How to complete this task >>
Please repeat only the stretch of records running from the first line through the line that contains "Definition locally_connected (T".

───

(* A locally connected metrizable space $X$ has a metrizable one-point connectification if and only if $X$ has no compact component.
   Context: A one-point connectification of a space $X$ is a connected space $Y$ which contains $X$ as a dense subspace and such that $Y\setminus X$ is a singleton. *)

From HB Require Import structures.
From mathcomp Require Import all_boot all_order all_algebra.
From mathcomp Require Import all_classical all_reals all_analysis.
From mathcomp Require Import Rstruct Rstruct_topology.
From Stdlib Require Import Rdefinitions.

Set Implicit Arguments.
Unset Strict Implicit.
Unset Printing Implicit Defensive.

Local Open Scope classical_set_scope.

Definition metric_compatible (T : topologicalType) (d : T -> T -> R) : Prop :=
  [/\ (forall x y : T, Rle 0%R (d x y)),
      (forall x y : T, d x y = 0%R <-> x = y),
      (forall x y : T, d x y = d y x),
      (forall x y z : T, Rle (d x z) (Rplus (d x y) (d y z))) &
      (forall A : set T, open A <->
         (forall x, A x -> exists e : R, Rlt 0%R e /\
            (forall y, Rlt (d x y) e -> A y)))].

Definition metrizable (T : topologicalType) : Prop :=
  exists d : T -> T -> R, metric_compatible d.

Definition locally_connected (T : topologicalType) : Prop :=
  forall (x : T) (U : set T), open U -> U x ->
    exists V : set T, [/\ open V, V x, V `<=` U & connected V].

Definition embedding (X Y : topologicalType) (f : X -> Y) : Prop :=
  [/\ continuous f, injective f &
      (forall U : set X, open U ->
         exists V : set Y, open V /\ f @` U = V `&` range f)].

Definition one_point_connectification (X Y : topologicalType) (f : X -> Y) : Prop :=
  [/\ embedding f, connected [set: Y], dense (range f) &
      exists p : Y, ~` range f = [set p]].

From Stdlib Require Import Reals Lra.
From HB Require Import structures.
From mathcomp Require Import all_boot all_order all_algebra.
From mathcomp Require Import all_classical all_reals all_analysis.
From mathcomp Require Import Rstruct Rstruct_topology.

(** Necessity: a component C of a locally connected space is open; if C were
compact, its image in a Hausdorff one-point connectification Y would be closed,
and open because X is open in Y (points are closed), hence all of the connected
space Y, which is absurd since it misses the added point.

Sufficiency: in a closed non-compact subset of a metric space there is a
sequence without cluster point.  Choosing such a sequence s_K in each component
K, the function phi x = inf_{K,n} (d(x, s_K(n)) + 1/(n+1)) is 1-Lipschitz,
positive (components are open and the s_K escape every point), and has
infimum 0 on each component.  Then D(x,y) = min(d(x,y), phi x + phi y) and
D(x,p) = phi x define a metric on X + {p} inducing the topology of X, in which
p lies in the closure of every component; so X + {p} is connected. *)

Set Implicit Arguments.
Unset Strict Implicit.
Unset Printing Implicit Defensive.

Local Open Scope classical_set_scope.
Local Open Scope R_scope.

───

Solution for this problem >>
(* A locally connected metrizable space $X$ has a metrizable one-point connectification if and only if $X$ has no compact component.
   Context: A one-point connectification of a space $X$ is a connected space $Y$ which contains $X$ as a dense subspace and such that $Y\setminus X$ is a singleton. *)

From HB Require Import structures.
From mathcomp Require Import all_boot all_order all_algebra.
From mathcomp Require Import all_classical all_reals all_analysis.
From mathcomp Require Import Rstruct Rstruct_topology.
From Stdlib Require Import Rdefinitions.

Set Implicit Arguments.
Unset Strict Implicit.
Unset Printing Implicit Defensive.

Local Open Scope classical_set_scope.

Definition metric_compatible (T : topologicalType) (d : T -> T -> R) : Prop :=
  [/\ (forall x y : T, Rle 0%R (d x y)),
      (forall x y : T, d x y = 0%R <-> x = y),
      (forall x y : T, d x y = d y x),
      (forall x y z : T, Rle (d x z) (Rplus (d x y) (d y z))) &
      (forall A : set T, open A <->
         (forall x, A x -> exists e : R, Rlt 0%R e /\
            (forall y, Rlt (d x y) e -> A y)))].

Definition metrizable (T : topologicalType) : Prop :=
  exists d : T -> T -> R, metric_compatible d.

Definition locally_connected (T : topologicalType) : Prop :=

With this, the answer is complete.